Task instructions:
Transcribe exactly the lines that fall between the one holding "(* head: Some" and the one holding "Definition subset (I", inclusive, from the entries below.

* * * *

(* Let $\Pi_n$ be a PARITY$_n$ program. Suppose $\Pi_n$ contains a rule $x\leftarrow B$ (with $x$ a variable) such that $not\ not\ x\in B$ and $S(B)=\{J\}$ for a single string $J$ which is even. Then the program $\Pi_n'=\Pi_n\setminus\{x\leftarrow B\}$ satisfies $Ans(\Pi_n')=$ PARITY$_n$.
   Context: A rule element is one of $\top$, $\bot$, $x$, $not\ x$, $not\ not\ x$, where $x$ is a variable. A (canonical) rule is $H\leftarrow B$ with $H$ a variable or $\bot$ and $B$ a finite set of rule elements; a canonical program is a finite set of rules. For a set of variables $I$: $I\models\top$; $I\not\models\bot$; $I\models x$ iff $I\models not\ not\ x$ iff $x\in I$; $I\models not\ x$ iff $x\notin I$; $I\models B$ iff $I$ satisfies every element of $B$; $I$ is closed under $H\leftarrow B$ if $I\models B$ implies $I\models H$. The reduct $\Pi^I$ replaces $not\ not\ x$ by $\top$ if $x\in I$ else $\bot$, and $not\ x$ by $\top$ if $x\notin I$ else $\bot$; $I$ is an answer set of $\Pi$ if $I$ is the least set closed under all rules of $\Pi^I$; $Ans(\Pi)$ is the set of answer sets; $var(\Pi)$ is the set of variables occurring in $\Pi$. Strings $w\in\{0,1\}^n$ are identified with $\{x_i:w_i=1\}$; PARITY$_n$ is the set of strings in $\{0,1\}^n$ with an odd number of 1's (odd strings; the others are even); a PARITY$_n$ program is a canonical program $\Pi$ with $var(\Pi)=\{x_1,\dots,x_n\}$ and $Ans(\Pi)=$ PARITY$_n$. For a set $B$ of rule elements, $S(B)=\{I\subseteq\{x_1,\dots,x_n\}: I\models B\}$. *)

(* Variables x_i are represented by natural numbers i;
   the string variables are x_1, ..., x_n, i.e. the naturals 1..n. *)
From Stdlib Require Import List Arith Bool.
Import ListNotations.

Inductive elem : Type :=
  | ETop : elem
  | EBot : elem
  | EPos : nat -> elem
  | ENeg : nat -> elem
  | ENNeg : nat -> elem.

(* head: Some x is the variable x, None is bottom *)
Record rule : Type := mkRule { head : option nat ; body : list elem }.

Definition program := list rule.

Definition interp := nat -> bool.

Definition sat_elem (I : interp) (e : elem) : Prop :=
  match e with
  | ETop => True
  | EBot => False
  | EPos x => I x = true
  | ENeg x => I x = false
  | ENNeg x => I x = true
  end.

Definition sat_body (I : interp) (B : list elem) : Prop :=
  forall e, In e B -> sat_elem I e.

Definition sat_head (I : interp) (h : option nat) : Prop :=
  match h with
  | Some x => I x = true
  | None => False
  end.

Definition closed_under (I : interp) (r : rule) : Prop :=
  sat_body I (body r) -> sat_head I (head r).

Definition reduct_elem (I : interp) (e : elem) : elem :=
  match e with
  | ENNeg x => if I x then ETop else EBot
  | ENeg x => if I x then EBot else ETop
  | _ => e
  end.

Definition reduct_rule (I : interp) (r : rule) : rule :=
  mkRule (head r) (map (reduct_elem I) (body r)).

Definition reduct (P : program) (I : interp) : program :=
  map (reduct_rule I) P.

Definition closed_prog (J : interp) (P : program) : Prop :=
  forall r, In r P -> closed_under J r.

Definition subset (I J : interp) : Prop := forall x, I x = true -> J x = true.

Definition answer_set (P : program) (I : interp) : Prop :=
  closed_prog I (reduct P I) /\
  (forall J, closed_prog J (reduct P I) -> subset I J).

Definition elem_var (e : elem) : option nat :=
  match e with
  | EPos x | ENeg x | ENNeg x => Some x
  | _ => None
  end.

Definition occurs (x : nat) (P : program) : Prop :=
  exists r, In r P /\ (head r = Some x \/ exists e, In e (body r) /\ elem_var e = Some x).

(* strings in {0,1}^n = subsets of {x_1,...,x_n} *)
Definition is_string (n : nat) (I : interp) : Prop :=
  forall x, I x = true -> 1 <= x <= n.

Definition num_ones (n : nat) (I : interp) : nat := count_occ Bool.bool_dec (map I (seq 1 n)) true.

Definition in_PARITY (n : nat) (I : interp) : Prop :=
  is_string n I /\ Nat.odd (num_ones n I) = true.

Definition even_string (n : nat) (I : interp) : Prop :=
  is_string n I /\ Nat.even (num_ones n I) = true.

Definition Ans_is_PARITY (n : nat) (P : program) : Prop :=
  forall I, answer_set P I <-> in_PARITY n I.

Definition parity_program (n : nat) (P : program) : Prop :=
  (forall x, occurs x P <-> 1 <= x <= n) /\ Ans_is_PARITY n P.

Definition in_S (n : nat) (B : list elem) (I : interp) : Prop :=
  is_string n I /\ sat_body I B.

Definition elem_eq_dec (a b : elem) : {a = b} + {a <> b}.
Proof. decide equality; apply Nat.eq_dec. Defined.

Definition rule_eq_dec (a b : rule) : {a = b} + {a <> b}.
Proof.
  decide equality.
  - apply (list_eq_dec elem_eq_dec).
  - decide equality; apply Nat.eq_dec.
Defined.

Definition remove_rule (r : rule) (P : program) : program :=
  remove rule_eq_dec r P.

(* An answer set of P \ {r} is still one of P, because it is automatically
   closed under the reduct of r: the element [not not x] of B reduces to bottom
   unless x is already in the interpretation.  Conversely, an answer set I of P
   is odd, so it violates B (the only string satisfying B is even); hence no
   subset of I fires the reduct of r, and I stays minimal once r is dropped,
   as one sees by intersecting a candidate model with I. *)
From Pilot Require Import Defs.
From Stdlib Require Import List Arith Bool.

Definition meet (K L : interp) : interp := fun y => K y && L y.

Lemma subset_meet_l K L : subset (meet K L) K.
Proof. intros y Hy. apply andb_prop in Hy. tauto. Qed.

Lemma subset_meet_r K L : subset (meet K L) L.
Proof. intros y Hy. apply andb_prop in Hy. tauto. Qed.

Lemma sat_body_map (K : interp) (f : elem -> elem) (B : list elem) :
  sat_body K (map f B) <-> forall e, In e B -> sat_elem K (f e).
Proof.
  unfold sat_body; split.
  - intros H e He. apply H, in_map; assumption.
  - intros H e' He'. apply in_map_iff in He' as [e [<- He]]. auto.
Qed.

(* The reduct of a body is negation-free, hence monotone in the interpretation. *)
Lemma sat_reduct_body_mono I K L B :
  subset K L ->
  sat_body K (map (reduct_elem I) B) -> sat_body L (map (reduct_elem I) B).
Proof.
  intros HKL HK. apply sat_body_map. intros e He.
  apply (proj1 (sat_body_map _ _ _) HK) in He.
  destruct e; simpl in *; auto; destruct (I n); simpl in *; auto.
Qed.

Lemma sat_reduct_body_sound I K B :
  subset K I -> sat_body K (map (reduct_elem I) B) -> sat_body I B.
Proof.
  intros HKI HK e He.
  apply (proj1 (sat_body_map _ _ _) HK) in He.
  destruct e; simpl in *; auto; destruct (I n) eqn:E; simpl in *; auto; contradiction.
Qed.

Lemma closed_under_reduct_meet I K L r :
  closed_under K (reduct_rule I r) -> closed_under L (reduct_rule I r) ->
  closed_under (meet K L) (reduct_rule I r).
Proof.
  unfold closed_under; simpl. intros HK HL Hb.
  specialize (HK (sat_reduct_body_mono I _ _ _ (subset_meet_l K L) Hb)).
  specialize (HL (sat_reduct_body_mono I _ _ _ (subset_meet_r K L) Hb)).
  destruct (Defs.head r); simpl in *; [unfold meet; rewrite HK, HL|]; auto.
Qed.

Lemma closed_under_reduct_nnot I x B :
  In (ENNeg x) B -> closed_under I (reduct_rule I (mkRule (Some x) B)).
Proof.
  unfold closed_under; simpl. intros Hx Hb.
  apply (proj1 (sat_body_map _ _ _) Hb) in Hx; simpl in Hx.
  destruct (I x); [reflexivity | contradiction].
Qed.

Lemma closed_prog_reduct_remove J I r P :
  closed_prog J (reduct P I) -> closed_prog J (reduct (remove_rule r P) I).
Proof.
  intros H r' Hr'. apply in_map_iff in Hr' as [r0 [<- Hr0]].
  apply H, in_map, (in_remove _ _ _ _ Hr0).
Qed.

Lemma closed_prog_reduct_of_remove J I r P :
  closed_prog J (reduct (remove_rule r P) I) -> closed_under J (reduct_rule I r) ->
  closed_prog J (reduct P I).
Proof.
  intros H Hr r' Hr'. apply in_map_iff in Hr' as [r0 [<- Hr0]].
  destruct (rule_eq_dec r0 r) as [->|Hne]; [assumption|].
  apply H, in_map, in_in_remove; assumption.
Qed.

Lemma answer_set_of_remove_rule P r I :
  answer_set (remove_rule r P) I -> closed_under I (reduct_rule I r) ->
  answer_set P I.
Proof.
  intros [Hc Hmin] Hr. split.
  - apply (closed_prog_reduct_of_remove _ _ r); assumption.
  - intros J HJ. apply Hmin, closed_prog_reduct_remove, HJ.
Qed.

Lemma answer_set_remove_rule P r I :
  answer_set P I -> ~ sat_body I (body r) -> answer_set (remove_rule r P) I.
Proof.
  intros [Hc Hmin] HrI. split; [apply closed_prog_reduct_remove, Hc|].
  intros J HJ.
  assert (HIJ : subset I (meet J I)).
  { apply Hmin. intros r' Hr'. apply in_map_iff in Hr' as [r0 [<- Hr0]].
    destruct (rule_eq_dec r0 r) as [->|Hne].
    - intros Hb. exfalso. apply HrI.
      apply (sat_reduct_body_sound I (meet J I)); [apply subset_meet_r | exact Hb].
    - apply closed_under_reduct_meet.
      + apply HJ, in_map, in_in_remove; assumption.
      + apply Hc, in_map, Hr0. }
  intros y Hy. apply (subset_meet_l J I), HIJ, Hy.
Qed.

Lemma num_ones_ext n I J : (forall y, I y = J y) -> num_ones n I = num_ones n J.
Proof. intros H. unfold num_ones. rewrite (map_ext I J); auto. Qed.

Lemma odd_string_not_sat_body n B J I :
  even_string n J -> (forall K, in_S n B K <-> (forall y, K y = J y)) ->
  in_PARITY n I -> ~ sat_body I B.
Proof.
  intros [_ HJe] HS [HIs HIo] HIB.
  rewrite (num_ones_ext n I J (proj1 (HS I) (conj HIs HIB))) in HIo.
  rewrite <- Nat.negb_even, HJe in HIo. discriminate.
Qed.

Theorem mainTheorem10 (n : nat) (P : program) (x : nat) (B : list elem) :
  parity_program n P ->
  In (mkRule (Some x) B) P ->
  In (ENNeg x) B ->
  (exists J : interp, even_string n J /\
     (forall K : interp, in_S n B K <-> (forall y, K y = J y))) ->
  Ans_is_PARITY n (remove_rule (mkRule (Some x) B) P).
Proof.
  intros [_ HP] _ Hx [J [HJ HS]] I. split.
  - intros HA. apply HP, (answer_set_of_remove_rule _ _ _ HA).
    apply closed_under_reduct_nnot, Hx.
  - intros HI. apply answer_set_remove_rule; [apply HP, HI|].
    exact (odd_string_not_sat_body n B J I HJ HS HI).
Qed.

* * * *

Written solution:
(* head: Some x is the variable x, None is bottom *)
Record rule : Type := mkRule { head : option nat ; body : list elem }.

Definition program := list rule.

Definition interp := nat -> bool.

Definition sat_elem (I : interp) (e : elem) : Prop :=
  match e with
  | ETop => True
  | EBot => False
  | EPos x => I x = true
  | ENeg x => I x = false
  | ENNeg x => I x = true
  end.

Definition sat_body (I : interp) (B : list elem) : Prop :=
  forall e, In e B -> sat_elem I e.

Definition sat_head (I : interp) (h : option nat) : Prop :=
  match h with
  | Some x => I x = true
  | None => False
  end.

Definition closed_under (I : interp) (r : rule) : Prop :=
  sat_body I (body r) -> sat_head I (head r).

Definition reduct_elem (I : interp) (e : elem) : elem :=
  match e with
  | ENNeg x => if I x then ETop else EBot
  | ENeg x => if I x then EBot else ETop
  | _ => e
  end.

Definition reduct_rule (I : interp) (r : rule) : rule :=
  mkRule (head r) (map (reduct_elem I) (body r)).

Definition reduct (P : program) (I : interp) : program :=
  map (reduct_rule I) P.

Definition closed_prog (J : interp) (P : program) : Prop :=
  forall r, In r P -> closed_under J r.

Definition subset (I J : interp) : Prop := forall x, I x = true -> J x = true.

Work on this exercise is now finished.